Introduction

Your task is to choose one data set, then study the data and its associated description of the data (i.e. “data dictionary”). You should take the data, and create an R data frame with a subset of the columns (and if you like rows) in the data set. Your deliverable is the R code to perform these transformation tasks.

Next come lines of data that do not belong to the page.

(* For finite sets $A, X \subset \mathbb{R}$ define the popular sums \[ P_A(X) = \left\{ y \in X+X : \sigma_X(y) \geq \frac{|X|^2}{8\,|X+X|\,\log|A|} \right\} \] and the rich set \[ R_A(X) = \left\{ x \in X : |(X+x)\cap P_A(X)| \geq \tfrac{3}{4}|X| \right\}. \] Then: (1) For every sufficiently large finite set $A\subset\mathbb{R}$, there exists $B \subset A$ with $|B| \geq \frac12 |A|$ such that \[ E_{\frac{12}{7}}(R_A(B)) \geq \frac{E_{\frac{12}{7}}(B)}{\log|A|}. \] (2) For such $A$ and $B$, there is $\Delta \in \mathbb{R}$ such that, defining \[ P_\Delta = \{ x : \delta_{R_A(B)}(x) \in [\Delta, 2\Delta)\}, \] we have \[ \Delta^{\frac{12}{7}}|P_\Delta| \approx E_{\frac{12}{7}}(R_A(B)) \approx E_{\frac{12}{7}}(B), \] and moreover \[ \Delta^2 |P_\Delta|^2 |B|^2 \ll E_3(B)\cdot \#\{(p_1,p_2,p_3) : p_1 - p_2 = p_3,\ p_1,p_2 \in P_A(B),\ p_3 \in P_\Delta\}. \]
   Context: For finite $X\subset\mathbb{R}$: $X+X = \{x_1+x_2: x_i\in X\}$, $\sigma_X(y) = \#\{(x_1,x_2)\in X^2 : x_1+x_2 = y\}$, $\delta_X(x) = \#\{(x_1,x_2)\in X^2: x_1 - x_2 = x\}$, and for real $k \ge 1$, $E_k(X) = \sum_x \delta_X(x)^k$. Asymptotic notation is as $|A|\to\infty$: $F \ll G$ means $F = O(G)$ with an absolute constant; $F \lesssim G$ means $F \ll G (\log|A|)^{c}$ for some absolute constant $c$; $F \approx G$ means $F \lesssim G$ and $G \lesssim F$. *)

From HB Require Import structures.
From mathcomp Require Import all_boot all_order all_algebra finmap.
From mathcomp Require Import reals exp.
Set Implicit Arguments. Unset Strict Implicit. Unset Printing Implicit Defensive.
Import Order.TTheory GRing.Theory Num.Theory.
Local Open Scope fset_scope.
Local Open Scope ring_scope.

Section AddComb.
Variable R : realType.
Implicit Types (X A : {fset R}) (x y : R).

Definition sumset X : {fset R} := [fset a + b | a : R in X, b : R in X].
Definition diffset X : {fset R} := [fset a - b | a : R in X, b : R in X].
Definition translate X x : {fset R} := [fset a + x | a : R in X].

Definition sigma X y : nat := (\sum_(a <- X) \sum_(b <- X) (a + b == y)%R)%N.
Definition delta X x : nat := (\sum_(a <- X) \sum_(b <- X) (a - b == x)%R)%N.

Definition energy (k : R) X : R :=
  \sum_(x <- diffset X) ((delta X x)%:R `^ k).

Definition popular A X : {fset R} :=
  [fset y in sumset X |
     ((#|` X|)%:R ^+ 2 : R) / (8 * (#|` sumset X|)%:R * ln (#|` A|)%:R)
       <= (sigma X y)%:R].

Definition rich A X : {fset R} :=
  [fset x in X | (3 / 4 * (#|` X|)%:R : R) <= (#|` translate X x `&` popular A X|)%:R].

(* P_Delta = {x : delta_X(x) in [Delta, 2 Delta)} ; for Delta > 0 such x lie in X - X *)
Definition Pdelta X (D : R) : {fset R} :=
  [fset x in diffset X | (D <= (delta X x)%:R) && ((delta X x)%:R < 2 * D)].

Definition triples (P Q : {fset R}) : nat :=
  (\sum_(p1 <- P) \sum_(p2 <- P) \sum_(p3 <- Q) (p1 - p2 == p3)%R)%N.

End AddComb.

From HB Require Import structures.
From mathcomp Require Import all_boot all_order all_algebra finmap.
From mathcomp Require Import reals sequences exp.
From mathcomp Require Import ring lra.
Set Implicit Arguments. Unset Strict Implicit. Unset Printing Implicit Defensive.
Import Order.TTheory GRing.Theory Num.Theory.
Local Open Scope fset_scope.
Local Open Scope ring_scope.

(* At most |X|^2 / (8 log|A|) pairs (x, b) in X^2 have an unpopular sum
   x + b (there are |X + X| candidate sums, each with fewer than
   |X|^2 / (8 |X + X| log|A|) representations), while each x outside R_A(X) accounts
   for at least |X| / 4 of them.  Hence R_A removes at most |X| / (2 log|A|) elements,
   and the iterates A, R_A(A), R_A(R_A(A)), ... keep |A| / 2 elements for log|A|
   steps.  If E_k dropped by a factor larger than log|A| at each of these steps, then
   (log|A|)^(log|A|) (|A|/2)^k <= E_k(A) <= |A|^(2+k), which is false for large |A|.

   Sorting the differences of R_A(B) by dyadic ranges of delta gives Delta
   at the price of the number of ranges, O(log|A|).  Any two rich r1, r2 have at least
   |B| / 2 common b in B with b + r1 and b + r2 popular, so Delta |P_Delta| |B| / 2 is
   at most the number N of (b, p1, p2) with p1, p2 popular, p1 - b, p2 - b rich and
   p1 - p2 in P_Delta.  By Cauchy-Schwarz, N^2 is at most the number of triples times
   sum_(b, b' in B) delta_B(b - b')^2 = E_3(B). *)

Section IndicatorSums.
Context {R : numDomainType}.

Lemma natr_negb (b : bool) : (~~ b)%:R = 1 - b%:R :> R.
Proof. by case: b; rewrite ?subrr ?subr0. Qed.

Lemma natr_bool_le1 (b : bool) : b%:R <= 1 :> R.
Proof. by case: b. Qed.

Lemma big_indicator_eq (T : eqType) (s : seq T) (y : T) (F : T -> R) : uniq s ->
  \sum_(x <- s) (y == x)%:R * F x = (y \in s)%:R * F y.
Proof.
elim: s => [|a s IH] /=; first by rewrite big_nil mul0r.
case/andP=> /negbTE nas us; rewrite big_cons IH // in_cons.
by have [->|_] := eqVneq y a; rewrite ?nas ?mul0r ?addr0 ?add0r.
Qed.

Lemma big_indicator_mem (T : eqType) (s : seq T) (y : T) : uniq s ->
  \sum_(x <- s) (y == x)%:R = (y \in s)%:R :> R.
Proof.
move=> us; rewrite -[RHS]mulr1 -(big_indicator_eq _ (fun=> 1)) //.
by apply: eq_bigr => x _; rewrite /= mulr1.
Qed.

Lemma ler_sum_seq (I : eqType) (r : seq I) (F G : I -> R) :
  {in r, forall i, F i <= G i} -> \sum_(i <- r) F i <= \sum_(i <- r) G i.
Proof. by move=> FG; rewrite big_seq [leRHS]big_seq; apply: ler_sum. Qed.

Context {T : choiceType}.
Implicit Types (X Y : {fset T}) (x : T).

Lemma ler_natr_mem X Y x : X `<=` Y -> (x \in X)%:R <= (x \in Y)%:R :> R.
Proof. by move=> /fsubsetP XY; have [/XY ->|] := boolP (x \in X). Qed.
Lemma equicontinuous_subseq_cvg : (forall n, inC beta (v n)) ->
  exists phi : nat -> nat, (forall m n, (m < n)%N -> (phi m < phi n)%N) /\
  exists2 g : R -> complex R, inC alpha g &
    (fun n => wnorm alpha (fun x => v (phi n) x - g x)) @ \oo --> (0 : R).
Proof.
move=> v_in; have [phi [phi_incr phi_cauchy]] := weighted_cauchy_subseq.
have w_in n : inC alpha (v (phi n)).
  by apply: inC_le_exponent (v_in _); rewrite alpha_ge0 ltW.
by exists phi; split => //; apply: weighted_cauchy_lim alpha_ge0 w_in phi_cauchy.
Qed.

End EquicontinuousSequence.

Theorem proposition1 (R : realType) (alpha beta : R)
  (A : (R -> complex R) -> (R -> complex R)) :
  0 < alpha -> alpha < beta ->
  (* A maps C_alpha into C_beta *)
  (forall f, inC alpha f -> inC beta (A f)) ->
  (* A is linear on C_alpha *)
  (forall f g, inC alpha f -> inC alpha g ->
     A (fun x => f x + g x) = (fun x => A f x + A g x)) ->
  (forall (c : complex R) f, inC alpha f ->
     A (fun x => c * f x) = (fun x => c * A f x)) ->
  (* A is bounded C_alpha -> C_beta *)
  (exists K : R, forall f, inC alpha f -> wnorm beta (A f) <= K * wnorm alpha f) ->
  (* uniform equicontinuity of {(Af)|[-X,X] : f in B_r} for all X, r > 0 *)
  (forall X r : R, 0 < X -> 0 < r -> forall eps : R, 0 < eps ->
     exists2 delta : R, 0 < delta &
       forall f, inC alpha f -> wnorm alpha f < r ->
       forall x y : R, `|x| <= X -> `|y| <= X -> `|x - y| < delta ->
         cabs (A f x - A f y) < eps) ->
  (* A : C_alpha -> C_alpha is compact: every bounded sequence has a
     subsequence whose image converges in C_alpha *)
  forall u : nat -> (R -> complex R),
    (forall n, inC alpha (u n)) ->
    (exists C : R, forall n, wnorm alpha (u n) <= C) ->
    exists phi : nat -> nat, (forall m n, (m < n)%N -> (phi m < phi n)%N) /\
    exists2 g : R -> complex R, inC alpha g &
      (fun n => wnorm alpha (fun x => A (u (phi n)) x - g x)) @ \oo --> (0 : R).
Proof.
move=> a0 ab A_in _ _ [K A_bd] A_equi u u_in [C u_bd].
have Au_in n := A_in _ (u_in n).
have Au_bounded n x : wt beta x * cabs (A (u n) x) <= `|K| * `|C|.
  apply: le_trans (wnorm_ub _ x (Au_in n)) _; apply: le_trans (A_bd _ (u_in n)) _.
  rewrite (le_trans (ler_norm _)) // normrM ler_wpM2l // ger0_norm ?(wnorm_ge0 _ (ltW a0)) //.
  exact: le_trans (u_bd n) (ler_norm C).
have Au_equicont X : 0 < X -> forall e, 0 < e -> exists2 d, 0 < d &
    forall n x y, `|x| <= X -> `|y| <= X -> `|x - y| < d -> cabs (A (u n) x - A (u n) y) < e.
  move=> X0 e e0; have C1 : 0 < `|C| + 1 by rewrite ltr_pwDr.
  have [d d0 Ad] := A_equi X _ X0 C1 e e0; exists d => // n; apply: Ad => //.
  by apply: le_lt_trans (u_bd n) _; rewrite (le_lt_trans (ler_norm C)) // ltrDl.
exact: equicontinuous_subseq_cvg (ltW a0) ab Au_bounded Au_equicont Au_in.
Qed.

The data set I will examine and transform is the “Pittsburgh Bridges” data set from the archive at UC Irvine. Here is the data description or dictionary as given in the file “bridge.names.txt.

Data Description

  1. Attribute Information:

    The type field state whether a property is continuous/integer (c) or nominal (n).
    
    For properties with c,n type, the range of continuous numbers is given first
    and the possible values of the nominal follow the semi-colon.
Column Name Type Possible Values Comments
1 IDENTIF - - Identifier of the examples
2 RIVER n A, M, O
3 LOCATION n 1 to 52
4 ERECTED c,n 1818-1986 ; CRAFTS, EMERGING, MATURE, MODERN
5 PURPOSE n WALK, AQUEDUCT, RR, HIGHWAY
6 LENGTH c,n 804-4558 ; SHORT, MEDIUM, LONG
7 LANES c,n 1, 2, 4, 6 ; 1, 2, 4, 6
8 CLEAR-G n N, G
9 T-OR-D n THROUGH, DECK
10 MATERIAL n WOOD, IRON, STEEL
11 SPAN n SHORT, MEDUIM, LONG
12 REL-L n S, S-F, F
13 TYPE n WOOD, SUSPEN, SIMPLE-T, ARCH, CANTILEV, CONT-T

There are two versions of the data file as described below.

  1. Number of instances: 108

  2. Relevant Information:

    There are two versions to the database:
    
            V1 contains the original examples and
    
            V2 contains descriptions after discretizing numeric properties.

Data Examination

We will start by examining both data sets to see if we can discern the difference “discretizing numeric properties” makes to the data sets. We do this by reading in both versions of the data file and putting them into separate dataframes. We then run the Structure Function on each one and use View to browse the data.

Note on Example Code

I learned a few things loading data from GitHub. I found the “raw” button in GitHub and used it for the first time. This explained the word raw in the path of the example. I also found that if I used the example as written (replacing my path), I would lose an observation. I believe this is because the example assumes a header row, so I was losing the first row. This can be solved by adding “header = FALSE” to the read statement. I also added “na.strings =”?“” to my read and decided to write it all as one statement. A function like getURL() that returns a full path when given a website and a file name would be of great use for a data repository site. However, this function seems to require the full path, so only seems to save space in the read statement.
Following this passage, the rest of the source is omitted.